There is on-going controversy concerning screening for type 2 diabetes in the general adult population and for specific-disease groups, and professional and guideline bodies in different countries differ in their recommendations on which adults should be screened [32],[43],[44]. Notwithstanding these differences in care, since patients with an admission glucose level of 11.1 mmol/l have a 3-year risk of type 2 diabetes of 10% (5-fold higher than the risk in the general population), we propose that patients whose admission glucose is at or above this concentration should be offered follow-up testing. Since fewer than one in 40 patients had a glucose level ≥11.1 mmol/l, repeat testing should be achievable in most health care settings.

For lower glucose levels, our findings will allow clinicians to communicate to patients their risk of diabetes, and to provide simple lifestyle modification advice as appropriate. Ultimately, we hope that our findings will be incorporated into modelling studies comparing the cost-effectiveness of different strategies for identifying diabetes, such as population-based screening and opportunistic testing. One reason why opportunistic testing for type 2 diabetes in the hospital setting is attractive is the higher proportion of people from socio-economically deprived areas than in the general population, a group known to be hard to reach through screening programmes [45].

We found a lower risk of diabetes for a given glucose level in people aged over 80 years. Potential mechanisms include a healthy survivor effect, differences in glucose homeostasis, and a higher prevalence of transient causes of increased glucose in this age group such as increased use of corticosteroids and beta-agonists as a result of the higher prevalence of COPD in older people [46]. Given the high mortality rate in those aged over 80 years following hospital admission, however, many older patients with diabetes may have died without receiving a diagnosis.

We had originally intended to examine the risk of type 2 diabetes in patients aged 40 and older as type 2 diabetes is rare in patients below this age. At the review stage, however, it was noted that our cohort presents an opportunity to examine associations among younger patients, in whom the risk of type 2 diabetes is increasing. We report the findings for younger patients separately and exclude them from our risk calculator for a number of reasons: this analysis was exploratory rather than pre-specified, patients aged less than 40 are not normally offered screening for type 2 diabetes [32],[33], the overall proportion with admission glucose levels above the WHO cut-off for random glucose (11.1 mmol/l) was only around half that of patients aged 40 and older (1% versus 2%), and the subsequent risk of type 2 diabetes among those with a glucose of 11.1 mmol/l was lower (7.8% versus 9.9%) than for older patients.

Moreover, since screening is not routinely offered in people aged less than 40 years old [32],[33], and as clinicians may be less likely to diagnose type 2 diabetes as a result of its comparative rarity in this group, there may be a stronger case for routinely offering follow-up testing to patients with glucose at or above 11.1 mmol/l aged 30–39, compared to older patients, as the risk of delayed diagnosis may be higher.

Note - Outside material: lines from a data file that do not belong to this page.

Lemma sum_sum_nat_bool_card (I J : finType) (A : {set I}) (P : I -> J -> bool) :
  \sum_(i in A) \sum_(j : J) (P i j : nat) = #|[set p : I * J | (p.1 \in A) && P p.1 p.2]|.
Proof.
rewrite (eq_bigr (fun i => \sum_(j | P i j) 1)); last by move=> i _; rewrite sum1_card -sum_nat_bool_card.
by rewrite pair_big_dep /= sum1_card; apply: eq_card => p; rewrite inE.
Qed.

Lemma card_involution (T : finType) (f : T -> T) (A B : {set T}) : involutive f ->
  f @: A \subset B -> f @: B \subset A -> #|A| = #|B|.
Proof.
move=> fK fAB fBA; have f_inj := can_inj fK.
by apply/eqP; rewrite eqn_leq -{1}(card_imset A f_inj) -{2}(card_imset B f_inj) !subset_leq_card.
Qed.

Lemma sum_bool_changes (b : nat -> bool) m : 0 < m ->
  \sum_(k < m) [&& 0 < k, b k & ~~ b k.+1] + b m = \sum_(k < m) [&& 0 < k, ~~ b k & b k.+1] + b 1.
Proof.
elim: m => [//|[|m] IH] _; first by rewrite !big_ord1.
by rewrite !(big_ord_recr m.+1) /=; have := IH isT; case: (b m.+1); case: (b m.+2) => /=; lia.
Qed.

Lemma sumn_take_le (s : seq nat) i : sumn (take i s) <= sumn s.
Proof. by rewrite -{2}(cat_take_drop i s) sumn_cat leq_addr. Qed.

Lemma nth_add_le_sumn (la : seq nat) i :
  all (fun x => 0 < x) la -> i < size la -> nth 0 la i + i <= sumn la.
Proof.
elim: la i => [//|a l IH] [|i] /= /andP[a0 l_gt0]; first by rewrite addn0 leq_addr.
by move=> /(IH i l_gt0); lia.
Qed.

Lemma in_shape_nat_le_sumn (la : seq nat) i j : all (fun x => 0 < x) la ->
  in_shape_nat la i j -> (i <= sumn la) && (j <= sumn la).
Proof.
move=> la_gt0 /and4P[i1 il ij jl].
by have := nth_add_le_sumn (i := i.-1) la_gt0; lia.
Qed.

Section StrictPartition.
Variable la : seq nat.
Hypothesis la_strict : strict_partition la.

Lemma strict_partition_gt0 : all (fun x => 0 < x) la.
Proof. by case/andP: la_strict. Qed.

Lemma strict_partition_nth_gt0 i : i < size la -> 0 < nth 0 la i.
Proof. by move=> i_lt; apply: (allP strict_partition_gt0); exact: mem_nth. Qed.

Lemma strict_partition_nth_ltn i : i.+1 < size la -> nth 0 la i.+1 < nth 0 la i.
Proof.
case/andP: la_strict => + _; elim: la i => [//|a l IH] [|i] /= la_sorted.
  by case: l la_sorted {IH} => [//|b l] /= /andP[].
by move=> i_lt; apply: IH (path_sorted la_sorted) _.
Qed.

Lemma size_le_nth_add i : i < size la -> size la <= nth 0 la i + i.
Proof.
move=> i_lt; have [m lt_m] := ubnP (size la - i); elim: m i lt_m i_lt => [//|m IH] i m_gt i_lt.
case: (ltnP i.+1 (size la)) => [i1_lt|]; last by have := strict_partition_nth_gt0 i_lt; lia.
have := IH i.+1 ltac:(lia) i1_lt; have := strict_partition_nth_ltn i1_lt; lia.
Qed.

Lemma strict_partition_sumn_gt0 : 0 < size la -> 0 < sumn la.
Proof.
move=> la_nil; have := strict_partition_nth_gt0 la_nil.
by have := nth_add_le_sumn strict_partition_gt0 la_nil; lia.
Qed.

End StrictPartition.

Definition mkcell (la : seq nat) (i j : nat) : cell la := (inord i, inord j).

Lemma mkcell_val (la : seq nat) (u : cell la) : mkcell la u.1 u.2 = u.
Proof. by case: u => a b; rewrite /mkcell /= !inord_val. Qed.

Lemma mkcellP (la : seq nat) i j : all (fun x => 0 < x) la -> in_shape_nat la i j ->
  [/\ in_shape (mkcell la i j), nat_of_ord (mkcell la i j).1 = i
    & nat_of_ord (mkcell la i j).2 = j].
Proof.
move=> la_gt0 ij_in; have /andP[i_le j_le] := in_shape_nat_le_sumn la_gt0 ij_in.
by rewrite /in_shape /mkcell /= !inordK //; lia.
Qed.

Lemma shifted_SYT_intro (la : seq nat) (T : {ffun cell la -> 'I_(sumn la).+1}) :
  (forall u, ~~ in_shape u -> nat_of_ord (T u) = 0) ->
  (forall u, in_shape u -> 0 < nat_of_ord (T u)) ->
  (forall u v, in_shape u -> in_shape v -> T u = T v -> u = v) ->
  (forall k : 'I_(sumn la).+1, 0 < nat_of_ord k -> exists2 u, in_shape u & T u = k) ->
  (forall u v, in_shape u -> in_shape v -> u.1 = v.1 -> nat_of_ord u.2 < v.2 ->
     nat_of_ord (T u) < T v) ->
  (forall u v, in_shape u -> in_shape v -> u.2 = v.2 -> nat_of_ord u.1 < v.1 ->
     nat_of_ord (T u) < T v) ->
  is_shifted_SYT T.
Proof.
move=> T_out T_gt0 T_inj T_surj T_row T_col; apply/and5P; split.
- by apply/forallP=> u; apply/implyP=> /T_out/eqP.
- by apply/forallP=> u; apply/implyP=> /T_gt0.
- apply/forallP=> u; apply/forallP=> v; apply/implyP=> /and3P[u_in v_in /eqP].
  by move=> /(T_inj u v u_in v_in)->.
- apply/forallP=> k; apply/implyP=> /T_surj[u u_in Tu].
  by apply/existsP; exists u; rewrite u_in Tu eqxx.
- apply/andP; split; apply/forallP=> u; apply/forallP=> v.
  + by apply/implyP=> /and4P[u_in v_in /eqP]; exact: T_row.
  + by apply/implyP=> /and4P[u_in v_in /eqP]; exact: T_col.
Qed.

Section ShiftedTableau.
Variables (la : seq nat) (T : {ffun cell la -> 'I_(sumn la).+1}).
Hypothesis T_syt : is_shifted_SYT T.

Let T_props := and5P T_syt.

Lemma syt_out u : ~~ in_shape u -> nat_of_ord (T u) = 0.
Proof. by case: T_props => /forallP/(_ u)/implyP + _ _ _ _ => T_out /T_out/eqP. Qed.

Lemma syt_gt0 u : in_shape u -> 0 < nat_of_ord (T u).
Proof. by case: T_props => _ /forallP/(_ u)/implyP. Qed.

Lemma syt_inj u v : in_shape u -> in_shape v -> T u = T v -> u = v.
Proof.
move=> u_in v_in Tuv; case: T_props => _ _ /forallP/(_ u)/forallP/(_ v) + _ _.
by rewrite u_in v_in Tuv eqxx => /eqP->.
Qed.

Lemma syt_val_inj u v : in_shape u -> in_shape v ->
  nat_of_ord (T u) = T v -> u = v.
Proof. by move=> u_in v_in /val_inj; exact: syt_inj. Qed.

Lemma syt_row_lt u v : in_shape u -> in_shape v -> u.1 = v.1 ->
  nat_of_ord u.2 < v.2 -> nat_of_ord (T u) < T v.
Proof.
move=> u_in v_in uv1 uv2; case: T_props => _ _ _ _ /andP[/forallP/(_ u)/forallP/(_ v) + _].
by rewrite u_in v_in uv1 eqxx uv2 => /implyP; apply.
Qed.

Lemma syt_col_lt u v : in_shape u -> in_shape v -> u.2 = v.2 ->
  nat_of_ord u.1 < v.1 -> nat_of_ord (T u) < T v.
Proof.
move=> u_in v_in uv2 uv1; case: T_props => _ _ _ _ /andP[_ /forallP/(_ u)/forallP/(_ v)].
by rewrite u_in v_in uv2 eqxx uv1 => /implyP; apply.
Qed.

Lemma syt_entryP k : 0 < k <= sumn la -> exists2 u, in_shape u & nat_of_ord (T u) = k.
Proof.
move=> /andP[k_gt0 k_le]; have k_val : val (inord k : 'I_(sumn la).+1) = k by rewrite /= inordK.
case: T_props => _ _ _ /forallP/(_ (inord k)) + _; rewrite k_val k_gt0 /=.
by case/existsP=> u /andP[u_in /eqP Tu]; exists u; rewrite // Tu.
Qed.

Hypothesis la_gt0 : all (fun x => 0 < x) la.

Lemma syt_row_succ u v : in_shape u -> in_shape v -> u.1 = v.1 ->
  nat_of_ord u.2 < v.2 -> nat_of_ord (T v) = (T u).+1 -> nat_of_ord v.2 = u.2.+1.
Proof.
move=> u_in v_in uv1 uv2 Tuv; apply/eqP; rewrite eqn_leq uv2 andbT leqNgt.
apply/negP=> u2_lt.
have w_in : in_shape_nat la u.1 u.2.+1.
  by case/and4P: u_in => *; case/and4P: v_in; rewrite -uv1 => *; apply/and4P; split; lia.
have [w_shape w1 w2] := mkcellP la_gt0 w_in.
have := syt_row_lt u_in w_shape (ord_inj (esym w1)) ltac:(by rewrite w2).
have := syt_row_lt w_shape v_in (etrans (ord_inj w1) uv1) ltac:(by rewrite w2).
lia.
Qed.

End ShiftedTableau.

Section SwapSucc.
Variable n : nat.

Definition swapn (k x : nat) := if x == k then k.+1 else if x == k.+1 then k else x.

Definition swap_succ (k : 'I_n) : {perm 'I_n.+1} :=
  tperm (widen_ord (leqnSn n) k) (inord k.+1).

Lemma swap_succE k x : nat_of_ord (swap_succ k x) = swapn k x.
Proof.
have k1_val : nat_of_ord (inord k.+1 : 'I_n.+1) = k.+1 by rewrite inordK ?ltnS.
rewrite /swap_succ /swapn; case: tpermP => [->|->|x_neq_k x_neq_k1] /=.
- by rewrite eqxx k1_val.
- by rewrite k1_val eqxx; case: eqP => //; lia.
- case: eqP => [x_k|_]; first by case: x_neq_k; apply: ord_inj.
  by case: eqP => [x_k1|//]; case: x_neq_k1; apply: ord_inj; rewrite x_k1 k1_val.
Qed.

Lemma swapn_eq k x : (swapn k x == k) = (x == k.+1).
Proof. by rewrite /swapn; case: (x =P k); case: (x =P k.+1) => *; apply/eqP/eqP; lia. Qed.

Lemma swapn_eqS k x : (swapn k x == k.+1) = (x == k).
Proof. by rewrite /swapn; case: (x =P k); case: (x =P k.+1) => *; apply/eqP/eqP; lia. Qed.

Lemma swapn_eq0 k x : 0 < k -> (swapn k x == 0) = (x == 0).
Proof. by rewrite /swapn; case: (x =P k); case: (x =P k.+1) => *; apply/eqP/eqP; lia. Qed.

Lemma swapn_ltn k x y : x < y -> ~ (x = k /\ y = k.+1) -> swapn k x < swapn k y.
Proof. by rewrite /swapn; case: (x =P k); case: (x =P k.+1); case: (y =P k); case: (y =P k.+1); lia. Qed.

End SwapSucc.

Section SwapTableau.
Variable la : seq nat.
Local Notation tableau := {ffun cell la -> 'I_(sumn la).+1}.

Definition swap_tableau (T : tableau) (k : 'I_(sumn la)) : tableau :=
  [ffun u => swap_succ k (T u)].

Lemma swap_tableauE T k u : nat_of_ord (swap_tableau T k u) = swapn k (T u).
Proof. by rewrite ffunE swap_succE. Qed.

Lemma swap_tableauK (k : 'I_(sumn la)) : involutive (swap_tableau ^~ k).
Proof. by move=> T; apply/ffunP=> u; rewrite !ffunE tpermK. Qed.

Lemma swap_tableau_syt T (k : 'I_(sumn la)) : is_shifted_SYT T -> 0 < k ->
  (forall u v, in_shape u -> in_shape v -> nat_of_ord (T u) = k ->
     nat_of_ord (T v) = k.+1 -> u.1 <> v.1 /\ u.2 <> v.2) ->
  is_shifted_SYT (swap_tableau T k).
Proof.
move=> T_syt k_gt0 k_apart; apply: shifted_SYT_intro.
- by move=> u u_out; apply/eqP; rewrite swap_tableauE swapn_eq0 // (syt_out T_syt u_out).
- move=> u u_in; rewrite swap_tableauE lt0n swapn_eq0 // -lt0n; exact: syt_gt0.
- by move=> u v u_in v_in; rewrite !ffunE => /perm_inj; exact: syt_inj.
- move=> m m_gt0.
  have Tm_gt0 : 0 < nat_of_ord (swap_succ k m) by rewrite swap_succE lt0n swapn_eq0 // -lt0n.
  have [|u u_in Tu] := syt_entryP T_syt (k := swap_succ k m); first by rewrite Tm_gt0 /= -ltnS ltn_ord.
  by exists u; rewrite // ffunE (val_inj Tu) tpermK.
- move=> u v u_in v_in uv1 uv2; rewrite !swap_tableauE; apply: swapn_ltn.
    exact: syt_row_lt.
  by case=> Tu Tv; have [] := k_apart u v u_in v_in Tu Tv.
- move=> u v u_in v_in uv2 uv1; rewrite !swap_tableauE; apply: swapn_ltn.
    exact: syt_col_lt.
  by case=> Tu Tv; have [] := k_apart u v u_in v_in Tu Tv.
Qed.

End SwapTableau.

Section StrictTableau.
Variables (la : seq nat) (T : {ffun cell la -> 'I_(sumn la).+1}).
Hypotheses (la_strict : strict_partition la) (T_syt : is_shifted_SYT T).
Let la_gt0 := strict_partition_gt0 la_strict.

Lemma syt_entry1_col u : in_shape u -> nat_of_ord (T u) = 1 -> nat_of_ord u.2 = 1.
Proof.
move=> u_in Tu; have /and4P[i1 il ij jl] := u_in.
have Tu_min w : in_shape w -> ~ nat_of_ord (T w) < T u.
  by move=> w_in; rewrite Tu; have := syt_gt0 T_syt w_in; lia.
have u2 : nat_of_ord u.2 = u.1.
  apply/eqP; rewrite eqn_leq ij andbT leqNgt; apply/negP=> u1_lt.
  have /mkcellP[//|w_in w1 w2] : in_shape_nat la u.1 u.2.-1 by apply/and4P; split; lia.
  by apply: Tu_min w_in (syt_row_lt T_syt w_in u_in (ord_inj w1) _); rewrite w2; lia.
suff : nat_of_ord u.1 = 1 by lia.
apply/eqP; rewrite eqn_leq i1 andbT leqNgt; apply/negP=> u1_gt.
have := strict_partition_nth_ltn la_strict (i := u.1.-2) ltac:(lia).
have := strict_partition_nth_gt0 la_strict (i := u.1.-1) ltac:(lia).
rewrite (_ : u.1.-2.+1 = u.1.-1); last by lia.
move=> nth_gt0 nth_lt.
(* the cell above u exists because rows strictly shrink *)
have /mkcellP[//|w_in w1 w2] : in_shape_nat la u.1.-1 u.1 by apply/and4P; split; lia.
apply: Tu_min w_in (syt_col_lt T_syt w_in u_in _ _); last by rewrite w1; lia.
by apply: ord_inj; rewrite w2 u2.
Qed.

Lemma syt_max_col u : in_shape u -> nat_of_ord (T u) = sumn la -> size la <= u.2.
Proof.
move=> u_in Tu; have /and4P[i1 il ij jl] := u_in.
have := size_le_nth_add la_strict (i := u.1.-1) ltac:(lia).
case w_in : (in_shape_nat la u.1 u.2.+1).
  have [w_shape w1 w2] := mkcellP la_gt0 w_in.
  have := syt_row_lt T_syt u_in w_shape (esym (ord_inj w1)) ltac:(by rewrite w2).
  by have := ltn_ord (T (mkcell la u.1 u.2.+1)); lia.
by move: w_in; rewrite /in_shape_nat i1 il (leqW ij) /= => /negbT; rewrite -leqNgt; lia.
Qed.

End StrictTableau.

Section ColumnCrossings.
Variables (la : seq nat) (c : nat).
Local Notation n := (sumn la).
Local Notation tableau := {ffun cell la -> 'I_(sumn la).+1}.
Hypothesis la_strict : strict_partition la.
Let la_gt0 := strict_partition_gt0 la_strict.

Definition entry_le_col (T : tableau) (k : nat) :=
  [exists u : cell la, [&& in_shape u, nat_of_ord (T u) == k & u.2 <= c]].

Definition cross_right (T : tableau) (k : nat) :=
  [&& 0 < k, entry_le_col T k & ~~ entry_le_col T k.+1].

Definition cross_left (T : tableau) (k : nat) :=
  [&& 0 < k, ~~ entry_le_col T k & entry_le_col T k.+1].

Definition hadj_at (T : tableau) (k : nat) :=
  [exists u : cell la, [&& nat_of_ord u.2 == c, horiz_adj T u & nat_of_ord (T u) == k]].

Lemma entry_le_colE T u k : is_shifted_SYT T -> in_shape u -> nat_of_ord (T u) = k ->
  entry_le_col T k = (u.2 <= c).
Proof.
move=> T_syt u_in Tu; apply/existsP/idP=> [[v /and3P[v_in /eqP Tv]]|u_le].
  by rewrite -(syt_val_inj T_syt u_in v_in) // Tu Tv.
by exists u; rewrite u_in Tu eqxx.
Qed.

Different patterns of mortality did not appear to be responsible for the weaker association between admission glucose and risk of type 2 diabetes we observed among patients admitted to ICU. Stress hyperglycaemia, first described by Claude Bernard in 1878, occurs when an acute stressor such as sepsis and other acute illness causes increased release of glucagon, cortisol, catecholamines, growth hormone, and pro-inflammatory cytokines that promote hepatic gluconeogenesis, glycogenolysis, inhibition of peripheral glucose uptake, and inhibition of insulin release [11],[12]. We suspect that for many hospitalised patients, chronically reduced beta-cell function acts in combination with these mechanisms to cause elevated glucose. Among patients acutely unwell enough to require subsequent admission to ICU, however, there may more often be a sufficiently large counter-regulatory response to produce stress hyperglycaemia in the presence of preserved pancreatic reserve. If so, this could explain the weaker association between admission glucose and subsequent diabetes in this group of patients. Nonetheless, fewer than 2,000 patients in our cohort were admitted to ICU, and there were only 37 events in this group, so this observation should be treated very cautiously.

Limitations

One limitation of our study is that not all patients had admission glucose recorded. However, this is unlikely to have biased our estimates as the proportion with glucose measurements was high, the risk of diabetes was similar for patients who did and did not have glucose measured, and because similar results were obtained among sub-groups in whom different percentages had admission glucose measured, such as patients admitted to surgical compared to medical specialties (55% versus 80%).

The identification of incident diabetes we used was robust as all clinical care for diabetes in Scotland is delivered using the SCI-DC register from which we obtained our diagnoses. Nonetheless, our definition of type 2 diabetes relied on clinical diagnosis, so people with undiagnosed diabetes were not identified. The proportion of people with diabetes who are undiagnosed may also differ according to age, sex, or socio-economic status, which may, for example, have attenuated the strength of the association between socio-economic status and risk of type 2 diabetes. However, we had 3 and 5 years of follow-up in the main and sensitivity analyses, respectively, and would expect that the majority of patients with incipient or undiagnosed diabetes during a hospitalisation would be diagnosed within this timescale.

As we did not have serial blood glucose measurements for the period between the date of discharge from hospital and the date of diagnosis with type 2 diabetes, we are unable to state what proportion of patients with high admission glucose who were later diagnosed with type 2 diabetes had previously undetected type 2 diabetes, and what proportion experienced a temporary return to normoglycaemia, in whom the high admission glucose could be defined as isolated stress hyperglycaemia.

We did not have measures of body mass index (BMI), which may have improved the discrimination of our model. Future studies, perhaps including primary care data, in which BMI may have been recorded, are needed. In a previous study in patients with stress hyperglycaemia, however, BMI was not associated with risk of type 2 diabetes on 6-week follow-up oral glucose tolerance testing [27].

We are unable to comment on how these risks may differ by ethnicity as recording of ethnicity in hospital data for Scotland for the time period of the study was poor. Moreover, our risk calculator has not been validated in non-white populations or populations outside of Scotland.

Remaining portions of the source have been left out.